(* Assume $\mathfrak{d}=\omega_1$, and let $\langle f_\alpha:\alpha<\omega_1\rangle$ be functions in ${}^\omega\omega$ with $f_\alpha<^*f_\beta$ whenever $\alpha<\beta$ and such that for every $g\in{}^\omega\omega$ there is $\alpha$ with $g<^*f_\alpha$. Let $\{P_i:i<\omega\}$ be a partition of $\omega$ into infinite sets, and for $\alpha<\omega_1$ let $Z_\alpha=\{n<\omega:\exists i\,(n\in P_i\text{ and }n>f_\alpha(i))\}$. Let $X$ be the space with underlying set $(\omega\times\omega_1)\cup\{\infty\}$, where all points of $\omega\times\omega_1$ are isolated and a local subbase at $\infty$ consists of the sets $X\setminus(P_i\times\omega_1)$ for $i<\omega$ and $X\setminus(Z_\alpha\times\alpha)$ for $\alpha<\omega_1$. Suppose $U$ is a filter on $\omega$ with dual ideal $I$ such that $P_i\in I$ for all $i<\omega$ and $Z_\alpha\notin I$ for all $\alpha<\omega_1$. Then $X$ is Fréchet and $L$-selective but not $U$-selective.
   Context: $f<^*g$ means $f(n)<g(n)$ for all but finitely many $n$. A space is Fréchet if whenever $x\in\overline{A}$ there is a sequence in $A$ converging to $x$. $\mathcal{F}(X)$ is the set of nonempty closed subsets of $X$; $\varphi:Y\rightarrow\mathcal{F}(X)$ is lower semicontinuous if for every open $W\subseteq X$, $\{y:\varphi(y)\cap W\neq\emptyset\}$ is open in $Y$. $X$ is $Y$-selective if every lower semicontinuous $\varphi:Y\rightarrow\mathcal{F}(X)$ has a continuous selection $s:Y\rightarrow X$ (i.e., $s(y)\in\varphi(y)$ for all $y$). $X$ is $L$-selective if it is $(\omega+1)$-selective, where $\omega+1$ carries the order topology (a convergent sequence). For a filter $U$ on $\omega$, $Y_U$ is the space on $\omega\cup\{\infty\}$ with points of $\omega$ isolated and neighborhoods of $\infty$ the sets $A\cup\{\infty\}$, $A\in U$; $X$ is $U$-selective if it is $Y_U$-selective. *)

From Stdlib Require Import List Arith.

Definition closure {T : Type} (op : (T -> Prop) -> Prop) (A : T -> Prop) (x : T) : Prop :=
  forall V, op V -> V x -> exists y, V y /\ A y.

Definition converges {T : Type} (op : (T -> Prop) -> Prop) (s : nat -> T) (x : T) : Prop :=
  forall V, op V -> V x -> exists N, forall n, N <= n -> V (s n).

Definition frechet {T : Type} (op : (T -> Prop) -> Prop) : Prop :=
  forall (A : T -> Prop) (x : T), closure op A x ->
    exists s : nat -> T, (forall n, A (s n)) /\ converges op s x.

Definition closed {T : Type} (op : (T -> Prop) -> Prop) (C : T -> Prop) : Prop :=
  op (fun x => ~ C x).

Definition into_F {Y X : Type} (opX : (X -> Prop) -> Prop) (phi : Y -> X -> Prop) : Prop :=
  forall y, (exists x, phi y x) /\ closed opX (phi y).

Definition lower_semicontinuous {Y X : Type} (opY : (Y -> Prop) -> Prop)
  (opX : (X -> Prop) -> Prop) (phi : Y -> X -> Prop) : Prop :=
  forall W, opX W -> opY (fun y => exists x, phi y x /\ W x).

Definition continuous_map {Y X : Type} (opY : (Y -> Prop) -> Prop)
  (opX : (X -> Prop) -> Prop) (s : Y -> X) : Prop :=
  forall W, opX W -> opY (fun y => W (s y)).

Definition selective {Y X : Type} (opY : (Y -> Prop) -> Prop) (opX : (X -> Prop) -> Prop) : Prop :=
  forall phi : Y -> X -> Prop, into_F opX phi -> lower_semicontinuous opY opX phi ->
    exists s : Y -> X, continuous_map opY opX s /\ forall y, phi y (s y).

(* ---------- the space omega+1 (None = omega) with the order topology ---------- *)
Definition omega_plus_one_open (V : option nat -> Prop) : Prop :=
  V None -> exists N, forall n, N <= n -> V (Some n).

Definition L_selective {X : Type} (opX : (X -> Prop) -> Prop) : Prop :=
  selective omega_plus_one_open opX.

(* ---------- filters on omega and the space Y_U (None = infinity) ---------- *)
Definition filter_on_omega (U : (nat -> Prop) -> Prop) : Prop :=
  U (fun _ => True) /\ ~ U (fun _ => False) /\
  (forall A B : nat -> Prop, U A -> (forall n, A n -> B n) -> U B) /\
  (forall A B : nat -> Prop, U A -> U B -> U (fun n => A n /\ B n)).

Definition in_dual_ideal (U : (nat -> Prop) -> Prop) (A : nat -> Prop) : Prop :=
  U (fun n => ~ A n).

Definition YU_open (U : (nat -> Prop) -> Prop) (V : option nat -> Prop) : Prop :=
  V None -> U (fun n => V (Some n)).

Definition U_selective {X : Type} (U : (nat -> Prop) -> Prop) (opX : (X -> Prop) -> Prop) : Prop :=
  selective (YU_open U) opX.

(* (W, lt) is (order-isomorphic to) omega_1: an uncountable strict well-order
   all of whose proper initial segments are countable *)
Record is_omega1 (W : Type) (lt : W -> W -> Prop) : Prop := {
  om1_irrefl : forall a, ~ lt a a;
  om1_trans : forall a b c, lt a b -> lt b c -> lt a c;
  om1_total : forall a b, lt a b \/ a = b \/ lt b a;
  om1_wf : well_founded lt;
  om1_uncountable : ~ exists h : W -> nat, forall a b, h a = h b -> a = b;
  om1_segments_countable : forall a, exists h : W -> nat,
      forall b c, lt b a -> lt c a -> h b = h c -> b = c
}.

Definition lt_star (f g : nat -> nat) : Prop :=
  exists N, forall n, N <= n -> f n < g n.

Definition partition_infinite (P : nat -> nat -> Prop) : Prop :=
  (forall i m, exists n, m <= n /\ P i n) /\
  (forall i j n, P i n -> P j n -> i = j) /\
  (forall n, exists i, P i n).

Definition Zset (P : nat -> nat -> Prop) {W : Type} (f : W -> nat -> nat) (a : W) (n : nat) : Prop :=
  exists i, P i n /\ f a i < n.

(* Points of omega x omega_1 are isolated; a set containing infinity is open iff it
   contains a finite intersection of the subbasic sets
   X \ (P_i x omega_1)  and  X \ (Z_alpha x alpha). *)
Definition X_open {W : Type} (lt : W -> W -> Prop) (f : W -> nat -> nat)
  (P : nat -> nat -> Prop) (V : option (nat * W) -> Prop) : Prop :=
  V None ->
  exists (is : list nat) (als : list W),
    forall (n : nat) (b : W),
      (forall i, In i is -> ~ P i n) ->
      (forall a, In a als -> ~ (Zset P f a n /\ lt b a)) ->
      V (Some (n, b)).

(* Everything rests on a selection principle: if A_0, A_1, ... are nonempty subsets of
   ω×ω₁ and every neighbourhood of ∞ meets A_k for all large k, then some y_k ∈ A_k
   converge to ∞.  Fréchetness is the case A_k = A; L-selectivity is the case
   A_k = φ(k), or everything when ∞ ∈ φ(k).

   To find y, bound by a single δ < ω₁ the countably many bounded vertical sections
   {β | (n,β) ∈ A_k}, and diagonalise against the countably many subbasic sets given
   by the P_i, Z_δ and Z_γ (γ < δ); this yields x_k ∈ A_k eventually outside each of
   them.  As x_k eventually leaves every P_i, its first coordinates are bounded on
   P_i by some g, and g <* f_α for some α.  If the section of x_k is bounded, keep
   x_k: its height is below δ, so it avoids Z_δ, hence Z_γ for γ > δ up to finitely
   many P_i.  Otherwise move x_k up its section to height at least α, where
   g <* f_α <* f_γ keeps it out of Z_γ×γ for γ > α.

   X is not U-selective: since P_i ∈ I, the columns {n}×ω₁ form a lower
   semicontinuous map on Y_U; the heights of a selection are bounded by some δ, and
   continuity at ∞ against the open set X \ (Z_δ×δ) would put Z_δ into I. *)

From Stdlib Require Import PeanoNat Compare_dec List Lia Classical ClassicalEpsilon Cantor.

Definition eventually (Q : nat -> Prop) : Prop := exists K, forall k, K <= k -> Q k.

Lemma eventually_mono (Q Q' : nat -> Prop) :
  (forall k, Q k -> Q' k) -> eventually Q -> eventually Q'.
Proof. intros HQ [K HK]. exists K. auto. Qed.

Lemma eventually_and (Q Q' : nat -> Prop) :
  eventually Q -> eventually Q' -> eventually (fun k => Q k /\ Q' k).
Proof.
  intros [K HK] [K' HK']. exists (max K K'). intros k Hk. split; [apply HK | apply HK']; lia.
Qed.

Lemma eventually_forall_in {A : Type} (Q : A -> nat -> Prop) (l : list A) :
  (forall a, In a l -> eventually (Q a)) -> eventually (fun k => forall a, In a l -> Q a k).
Proof.
  induction l as [|a l IH]; intros H.
  - exists 0. intros k _ a [].
  - destruct (eventually_and _ _ (H a (or_introl eq_refl)) (IH (fun b Hb => H b (or_intror Hb))))
      as [K HK].
    exists K. intros k Hk b Hb. destruct (HK k Hk) as [Ha Hl].
    destruct Hb as [<- | Hb]; auto.
Qed.

Lemma eventually_forall_lt (Q : nat -> nat -> Prop) (N : nat) :
  (forall i, eventually (Q i)) -> eventually (fun k => forall i, i < N -> Q i k).
Proof.
  intros H. apply (eventually_mono (fun k => forall i, In i (seq 0 N) -> Q i k)).
  - intros k Hk i Hi. apply Hk, in_seq. lia.
  - apply eventually_forall_in. auto.
Qed.

Section DiagonalSelection.

Context {T : Type} (R : nat -> T -> Prop).
Hypothesis R_antitone : forall j j' p, j <= j' -> R j' p -> R j p.

Lemma exists_point_in_deepest_level (A : T -> Prop) :
  (exists p, A p) ->
  forall n, exists p, A p /\ forall j, j <= n -> (exists p', A p' /\ R j p') -> R j p.
Proof.
  intros [p0 Ap0] n. induction n as [|n [p [Ap Hp]]].
  - destruct (classic (exists p', A p' /\ R 0 p')) as [[p [Ap Rp]] | Hnone].
    + exists p. split; auto. intros j Hj _. replace j with 0 by lia. auto.
    + exists p0. split; auto. intros j Hj Hex. replace j with 0 in Hex by lia. contradiction.
  - destruct (classic (exists p', A p' /\ R (S n) p')) as [[q [Aq Rq]] | Hnone].
    + exists q. split; auto. intros j Hj _. apply (R_antitone j (S n)); auto.
    + exists p. split; auto. intros j Hj Hex.
      destruct (Nat.eq_dec j (S n)) as [-> | Hne]; [contradiction | apply Hp; auto; lia].
Qed.

Lemma diagonal_selection (A : nat -> T -> Prop) :
  (forall k, exists p, A k p) ->
  (forall j, eventually (fun k => exists p, A k p /\ R j p)) ->
  exists x : nat -> T, (forall k, A k (x k)) /\ forall j, eventually (fun k => R j (x k)).
Proof.
  intros Hne Hmeet.
  destruct (choice _ (fun k => exists_point_in_deepest_level (A k) (Hne k) k)) as [x Hx].
  exists x. split; [intros k; apply Hx|].
  intros j. destruct (Hmeet j) as [K HK]. exists (max K j). intros k Hk.
  apply (proj2 (Hx k)); [lia | apply HK; lia].
Qed.

End DiagonalSelection.

Lemma initial_values_bounded (u : nat -> nat) (n : nat) : exists M, forall k, k < n -> u k <= M.
Proof.
  induction n as [|n [M HM]].
  - exists 0. intros k Hk. lia.
  - exists (max M (u n)). intros k Hk.
    destruct (Nat.eq_dec k n) as [-> | Hne]; [lia | specialize (HM k ltac:(lia)); lia].
Qed.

====

(Work request)
Repeat exactly the lines of the listing above, from the one with "(S n)); auto." down to the one with "(forall j, eventually"; both of those lines belong in the range.

(Result)
    + exists q. split; auto. intros j Hj _. apply (R_antitone j (S n)); auto.
    + exists p. split; auto. intros j Hj Hex.
      destruct (Nat.eq_dec j (S n)) as [-> | Hne]; [contradiction | apply Hp; auto; lia].
Qed.

Lemma diagonal_selection (A : nat -> T -> Prop) :
  (forall k, exists p, A k p) ->
  (forall j, eventually (fun k => exists p, A k p /\ R j p)) ->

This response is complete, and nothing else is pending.